:: WORK ORDER ::
Each line containing the word "Dmap" must be copied from the material below.
______________________________
Fixpoint ePn (X Y : CatData) (F : FunData X Y) (n : nat) :
  forall A, fob F (Pn prod n A) = Pn prod n (fob F A) :=
  match n with
  | 0 => fun A => eq_refl
  | S m => fun A => eq_trans (ePn F m (prod A A)) (f_equal (Pn prod m) (fprod F A A))
  end.

Definition DbarF (X Y : CatData) (F : FunData X Y) : FunData (Dbar X) (Dbar Y) :=
  {| fob := (fob F : ob (Dbar X) -> ob (Dbar Y));
     fhom := fun (A B : ob (Dbar X)) (f : hom (Dbar X) A B) =>
       (fun n => eq_rect _ (fun Z => hom Y Z (fob F B)) (fhom F (f n)) _ (ePn F n A))
         : hom (Dbar Y) (fob F A) (fob F B);
     fprod := fprod F;
     fterm := fterm F |}.

(** * Comonads on CART (objects: CatData satisfying is_cart;
      morphisms: FunData satisfying is_strict; equality of morphisms: Feq). *)
Definition is_comonad_on_CART
  (Dob : CatData -> CatData)
  (Dmap : forall X Y, FunData X Y -> FunData (Dob X) (Dob Y))
  (eps : forall X, FunData (Dob X) X)
  (delta : forall X, FunData (Dob X) (Dob (Dob X))) : Prop :=
  (forall X, is_cart X -> is_cart (Dob X)) /\
  (forall X Y (F : FunData X Y), is_cart X -> is_cart Y -> is_strict F ->
      is_strict (Dmap X Y F)) /\
  (forall X, is_cart X -> Feq (Dmap X X (Fid X)) (Fid (Dob X))) /\
  (forall X Y Z (F : FunData X Y) (G : FunData Y Z),
      is_cart X -> is_cart Y -> is_cart Z -> is_strict F -> is_strict G ->
      Feq (Dmap X Z (Fcomp F G)) (Fcomp (Dmap X Y F) (Dmap Y Z G))) /\
  (forall X, is_cart X -> is_strict (eps X)) /\
  (forall X, is_cart X -> is_strict (delta X)) /\
  (forall X Y (F : FunData X Y), is_cart X -> is_cart Y -> is_strict F ->
      Feq (Fcomp (Dmap X Y F) (eps Y)) (Fcomp (eps X) F)) /\
  (forall X Y (F : FunData X Y), is_cart X -> is_cart Y -> is_strict F ->
      Feq (Fcomp (Dmap X Y F) (delta Y))
          (Fcomp (delta X) (Dmap (Dob X) (Dob Y) (Dmap X Y F)))) /\
  (forall X, is_cart X -> Feq (Fcomp (delta X) (eps (Dob X))) (Fid (Dob X))) /\
  (forall X, is_cart X -> Feq (Fcomp (delta X) (Dmap (Dob X) X (eps X))) (Fid (Dob X))) /\
  (forall X, is_cart X ->
      Feq (Fcomp (delta X) (delta (Dob X)))
          (Fcomp (delta X) (Dmap (Dob X) (Dob (Dob X)) (delta X)))).
Arguments is_comonad_on_CART : clear implicits.

From Stdlib Require Import ProofIrrelevance FunctionalExtensionality.
Set Implicit Arguments.
Unset Strict Implicit.

(* Everything is controlled by the tangent operator T.  T^n commutes with
   composition of pre-D-sequences and fixes the identity sequence, so Dbar X is
   a category, with products computed termwise.  A strict functor F commutes
   with T up to the transports F(P^n A) = P^n(F A), so Dbar F is again strict.
   The differential satisfies D^n[f * g] = T^n(f) * D^n[g], and deltabar
   commutes with T and preserves the sequences n |-> i_n ; h coming from maps
   of X, which makes deltabar strict.  The comonad laws then reduce to
   D^n[f]_0 = f_n and D^n[D^k f] = D^k[D^n f]. *)

Section CartesianCategory.
Variable X : CatData.
Hypothesis HX : is_cart X.

Lemma comp1m A B (f : hom X A B) : comp (idm A) f = f.
Proof. destruct HX as (h & _); apply h. Qed.

Lemma compm1 A B (f : hom X A B) : comp f (idm B) = f.
Proof. destruct HX as (_ & h & _); apply h. Qed.

Lemma compA A B C D (f : hom X A B) (g : hom X B C) (h : hom X C D) :
  comp (comp f g) h = comp f (comp g h).
Proof. destruct HX as (_ & _ & h' & _); apply h'. Qed.

Lemma bang_unique A (f : hom X A term) : f = bang A.
Proof. destruct HX as (_ & _ & _ & h & _); apply h. Qed.

Lemma pair_pi0 C A B (f : hom X C A) (g : hom X C B) : comp (pair f g) (pi0 A B) = f.
Proof. destruct HX as (_ & _ & _ & _ & h & _); apply h. Qed.

Lemma pair_pi1 C A B (f : hom X C A) (g : hom X C B) : comp (pair f g) (pi1 A B) = g.
Proof. destruct HX as (_ & _ & _ & _ & _ & h & _); apply h. Qed.

Lemma pair_eta C A B (h : hom X C (prod A B)) :
  pair (comp h (pi0 A B)) (comp h (pi1 A B)) = h.
Proof. destruct HX as (_ & _ & _ & _ & _ & _ & h'); apply h'. Qed.

Lemma comp_pair D C A B (h : hom X D C) (f : hom X C A) (g : hom X C B) :
  comp h (pair f g) = pair (comp h f) (comp h g).
Proof.
  rewrite <- (pair_eta (comp h (pair f g))), !compA, pair_pi0, pair_pi1.
  reflexivity.
Qed.

Lemma pair_pi (A B : ob X) : pair (pi0 A B) (pi1 A B) = idm (prod A B).
Proof. rewrite <- (pair_eta (idm _)), !comp1m. reflexivity. Qed.

Lemma Pmap_pi0 A B (f : hom X A B) : comp (Pmap f) (pi0 B B) = comp (pi0 A A) f.
Proof. apply pair_pi0. Qed.

Lemma Pmap_pi1 A B (f : hom X A B) : comp (Pmap f) (pi1 B B) = comp (pi1 A A) f.
Proof. apply pair_pi1. Qed.

Lemma comp_Pmap C A B (h : hom X C (prod A A)) (v : hom X A B) :
  comp h (Pmap v) = pair (comp (comp h (pi0 A A)) v) (comp (comp h (pi1 A A)) v).
Proof. unfold Pmap. rewrite comp_pair, !compA. reflexivity. Qed.

Lemma Pmap_comp A B C (f : hom X A B) (g : hom X B C) :
  Pmap (comp f g) = comp (Pmap f) (Pmap g).
Proof.
  rewrite (comp_Pmap (Pmap f)), Pmap_pi0, Pmap_pi1, !compA. reflexivity.
Qed.

Lemma Pmap_id (A : ob X) : Pmap (idm A) = idm (prod A A).
Proof. unfold Pmap. rewrite !compm1. apply pair_pi. Qed.

Lemma Pnmap_comp n : forall A B C (f : hom X A B) (g : hom X B C),
  Pnmap n (comp f g) = comp (Pnmap n f) (Pnmap n g).
Proof. induction n; intros; [reflexivity|]. cbn [Pnmap]. rewrite Pmap_comp. apply IHn. Qed.

Lemma Pnmap_id n : forall A : ob X, Pnmap n (idm A) = idm (Pn prod n A).
Proof. induction n; intros; [reflexivity|]. cbn [Pnmap]. rewrite Pmap_id. apply IHn. Qed.

Lemma Did_natural n : forall A B (f : hom X A B),
  comp (Pnmap n f) (Did n B) = comp (Did n A) f.
Proof.
  induction n; intros; simpl.
  - rewrite comp1m, compm1. reflexivity.
  - rewrite <- compA, IHn, !compA, Pmap_pi1. reflexivity.
Qed.

End CartesianCategory.

Section TangentCategory.
Variable X : CatData.
Hypothesis HX : is_cart X.

Lemma Dseq_ext A B (f g : @Dseq X A B) : (forall n, f n = g n) -> f = g.
Proof. intro H. apply functional_extensionality_dep. exact H. Qed.

Lemma Tang_Did (A : ob X) : Tang (fun n => Did n A) = (fun n => Did n (prod A A)).
Proof.
  apply Dseq_ext; intro n. unfold Tang. cbn [Did].
  rewrite Did_natural by exact HX. apply pair_eta, HX.
Qed.

Lemma Tn_Did_seq n : forall A : ob X,
  Tn n (fun k => Did k A) = (fun k => Did k (Pn prod n A)).
Proof. induction n; intros; [reflexivity|]. cbn [Tn]. rewrite Tang_Did. apply IHn. Qed.

Lemma Tn_Did n : forall A B (f : @Dseq X A B), comp (Tn n f 0) (Did n B) = f n.
Proof.
  induction n; intros; simpl.
  - apply compm1, HX.
  - rewrite <- (compA HX). transitivity (comp (Tang f n) (pi1 B B)).
    + f_equal. apply IHn.
    + apply pair_pi1, HX.
Qed.

Lemma Tang_square A B A' B' (u : hom X A A') (v : hom X B B')
  (f : Dseq A B) (f' : Dseq A' B') :
  (forall n, comp (Pnmap n u) (f' n) = comp (f n) v) ->
  forall n, comp (Pnmap n (Pmap u)) (Tang f' n) = comp (Tang f n) (Pmap v).
Proof.
  intros H n. unfold Tang.
  rewrite (comp_pair HX), (comp_Pmap HX), (pair_pi0 HX), (pair_pi1 HX). f_equal.
  - rewrite <- (compA HX), <- (Pnmap_comp HX), (Pmap_pi0 HX), (Pnmap_comp HX), !(compA HX), H.
    reflexivity.
  - exact (H (S n)).
Qed.

Lemma Tn_square m : forall A B A' B' (u : hom X A A') (v : hom X B B')
  (f : Dseq A B) (f' : Dseq A' B'),
  (forall n, comp (Pnmap n u) (f' n) = comp (f n) v) ->
  comp (Pnmap m u) (Tn m f' 0) = comp (Tn m f 0) (Pnmap m v).
Proof.
  induction m; intros A B A' B' u v f f' H; cbn [Tn Pnmap].
  - apply (H 0).
  - apply IHm, Tang_square, H.
Qed.

Lemma Tang_Dcomp A B C (f : @Dseq X A B) (g : Dseq B C) :
  Tang (Dcomp f g) = Dcomp (Tang f) (Tang g).
Proof.
  apply Dseq_ext; intro k. unfold Dcomp, Tang at 1 3. cbn [Tn].
  rewrite (comp_pair HX). f_equal. rewrite <- !(compA HX). f_equal.
  apply Tn_square with (f := Tang f) (f' := f).
  intro n. unfold Tang. rewrite (pair_pi0 HX). reflexivity.
Qed.

Lemma Tn_Dcomp n : forall A B C (f : @Dseq X A B) (g : Dseq B C),
  Tn n (Dcomp f g) = Dcomp (Tn n f) (Tn n g).
Proof. induction n; intros; [reflexivity|]. cbn [Tn]. rewrite Tang_Dcomp. apply IHn. Qed.

Lemma Dbar_is_cart : is_cart (Dbar X).
Proof.
  repeat split; simpl; intros; apply Dseq_ext; intro n; unfold Dcomp.
  - rewrite Tn_Did_seq. apply comp1m, HX.
  - apply Tn_Did.
  - change (comp (Tn n (Dcomp f g) 0) (h n) = comp (Tn n f 0) (comp (Tn n g 0) (h n))).
    rewrite Tn_Dcomp. apply compA, HX.
  - apply bang_unique, HX.
  - rewrite <- (compA HX), Tn_Did. apply pair_pi0, HX.
  - rewrite <- (compA HX), Tn_Did. apply pair_pi1, HX.
  - rewrite <- !(compA HX), !Tn_Did. apply pair_eta, HX.
Qed.

(* The image of a map [h] of X in Dbar X. *)
Definition lin (A B : ob X) (h : hom X A B) : Dseq A B := fun n => comp (Did n A) h.

Lemma lin_comp (A B C : ob X) (a : hom X A B) (b : hom X B C) :
  Dcomp (lin a) (lin b) = lin (comp a b).
Proof.
  apply Dseq_ext; intro n. unfold Dcomp, lin at 2.
  rewrite <- (compA HX), Tn_Did. apply compA, HX.
Qed.

Lemma Tang_lin (A B : ob X) (h : hom X A B) : Tang (lin h) = lin (Pmap h).
Proof.
  apply Dseq_ext; intro n. unfold Tang, lin. rewrite (comp_Pmap HX). f_equal.
  rewrite <- (compA HX), (Did_natural HX). reflexivity.
Qed.

Lemma Tn_lin n : forall (A B : ob X) (h : hom X A B), Tn n (lin h) = lin (Pnmap n h).
Proof. induction n; intros; [reflexivity|]. cbn [Tn]. rewrite Tang_lin. apply IHn. Qed.

Lemma Dder_lin (A B : ob X) (h : hom X A B) : Dder (lin h) = lin (comp (pi1 A A) h).
Proof. apply Dseq_ext; intro n. apply compA, HX. Qed.

Lemma Diter_lin n : forall (A B : ob X) (h : hom X A B),
  Diter n (lin h) = lin (comp (Did n A) h).
Proof.
  induction n; intros; cbn [Diter Did].
  - rewrite (comp1m HX). reflexivity.
  - rewrite Dder_lin, IHn, (compA HX). reflexivity.
Qed.

Lemma Diter_Dcomp n : forall (A B C : ob X) (f : Dseq A B) (g : Dseq B C),
  Diter n (Dcomp f g) = Dcomp (Tn n f) (Diter n g).
Proof. induction n; intros; [reflexivity|]. apply IHn. Qed.

Lemma Diter_pair n : forall (C A B : ob X) (f : Dseq C A) (g : Dseq C B),
  Diter n (fun k => pair (f k) (g k)) = (fun k => pair (Diter n f k) (Diter n g k)).
Proof. induction n; intros; [reflexivity|]. apply IHn. Qed.

Lemma Diter_zero n : forall (A B : ob X) (f : Dseq A B), Diter n f 0 = f n.
Proof. induction n; intros; [reflexivity|]. apply IHn. Qed.

End TangentCategory.

(* [Dconj a b g] is [lin a * g * lin b], written without the identities. *)
Definition Dconj X (A B A' B' : ob X) (a : hom X A' A) (b : hom X B B') (g : Dseq A B) :
  Dseq A' B' :=
  fun n => comp (Pnmap n a) (comp (g n) b).

Section Conjugation.
Variable X : CatData.
Hypothesis HX : is_cart X.

Lemma Tang_Dconj (A B A' B' : ob X) (a : hom X A' A) (b : hom X B B') (g : Dseq A B) :
  Tang (Dconj a b g) = Dconj (Pmap a) (Pmap b) (Tang g).
Proof.
  apply Dseq_ext; intro n. unfold Tang, Dconj.
  rewrite (comp_Pmap HX), (pair_pi0 HX), (pair_pi1 HX), (comp_pair HX). f_equal.
  rewrite <- !(compA HX), <- !(Pnmap_comp HX), (Pmap_pi0 HX). reflexivity.
Qed.

Lemma Tn_Dconj m : forall (A B A' B' : ob X) (a : hom X A' A) (b : hom X B B') (g : Dseq A B),
  Tn m (Dconj a b g) = Dconj (Pnmap m a) (Pnmap m b) (Tn m g).
Proof. induction m; intros; [reflexivity|]. cbn [Tn]. rewrite Tang_Dconj. apply IHm. Qed.

Lemma Diter_Dconj m : forall (A B A' B' : ob X) (a : hom X A' A) (b : hom X B B') (g : Dseq A B),
  Diter m (Dconj a b g) = Dconj (Pnmap m a) b (Diter m g).
Proof. induction m; intros; [reflexivity|]. apply IHm. Qed.

Lemma Dconj_comp (A B A' B' A'' B'' : ob X) (a : hom X A' A) (b : hom X B B')
  (a' : hom X A'' A') (b' : hom X B' B'') (g : Dseq A B) :
  Dconj a' b' (Dconj a b g) = Dconj (comp a' a) (comp b b') g.
Proof.
  apply Dseq_ext; intro n. unfold Dconj. rewrite (Pnmap_comp HX), !(compA HX). reflexivity.
Qed.

Lemma Dconj_id (A B : ob X) (g : Dseq A B) : Dconj (idm A) (idm B) g = g.
Proof.
  apply Dseq_ext; intro n. unfold Dconj. rewrite (Pnmap_id HX), (comp1m HX), (compm1 HX).
  reflexivity.
Qed.

End Conjugation.

Definition hom_of_eq (C : CatData) (x y : ob C) (e : x = y) : hom C x y :=
  eq_rect x (hom C x) (idm x) y e.
Arguments hom_of_eq {C x y} e.

Section Transport.
Variable C : CatData.
Hypothesis HC : is_cart C.

Lemma hom_of_eq_irrelevant (x y : ob C) (p q : x = y) : hom_of_eq p = hom_of_eq q.
Proof. rewrite (proof_irrelevance _ p q). reflexivity. Qed.

Lemma hom_of_eq_trans (x y z : ob C) (p : x = y) (q : y = z) :
  hom_of_eq (eq_trans p q) = comp (hom_of_eq p) (hom_of_eq q).
Proof. destruct q, p. symmetry. apply compm1, HC. Qed.

Lemma hom_of_eqK (x y : ob C) (p : x = y) :
  comp (hom_of_eq p) (hom_of_eq (eq_sym p)) = idm x.
Proof. destruct p. apply compm1, HC. Qed.

Lemma hom_of_eqVK (x y : ob C) (p : x = y) :
  comp (hom_of_eq (eq_sym p)) (hom_of_eq p) = idm y.
Proof. destruct p. apply compm1, HC. Qed.

Lemma eq_rect_dom (D x y : ob C) (e : x = y) (h : hom C x D) :
  eq_rect x (fun Z => hom C Z D) h y e = comp (hom_of_eq (eq_sym e)) h.
Proof. destruct e. symmetry. apply comp1m, HC. Qed.

Lemma Pnmap_hom_of_eq n (x y : ob C) (p : x = y) :
  Pnmap n (hom_of_eq p) = hom_of_eq (f_equal (Pn prod n) p).
Proof. destruct p. apply Pnmap_id, HC. Qed.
______________________________
:: EXPECTED ANSWER ::
  (Dmap : forall X Y, FunData X Y -> FunData (Dob X) (Dob Y))
      is_strict (Dmap X Y F)) /\
  (forall X, is_cart X -> Feq (Dmap X X (Fid X)) (Fid (Dob X))) /\
      Feq (Dmap X Z (Fcomp F G)) (Fcomp (Dmap X Y F) (Dmap Y Z G))) /\
      Feq (Fcomp (Dmap X Y F) (eps Y)) (Fcomp (eps X) F)) /\
      Feq (Fcomp (Dmap X Y F) (delta Y))
          (Fcomp (delta X) (Dmap (Dob X) (Dob Y) (Dmap X Y F)))) /\
  (forall X, is_cart X -> Feq (Fcomp (delta X) (Dmap (Dob X) X (eps X))) (Fid (Dob X))) /\
          (Fcomp (delta X) (Dmap (Dob X) (Dob (Dob X)) (delta X)))).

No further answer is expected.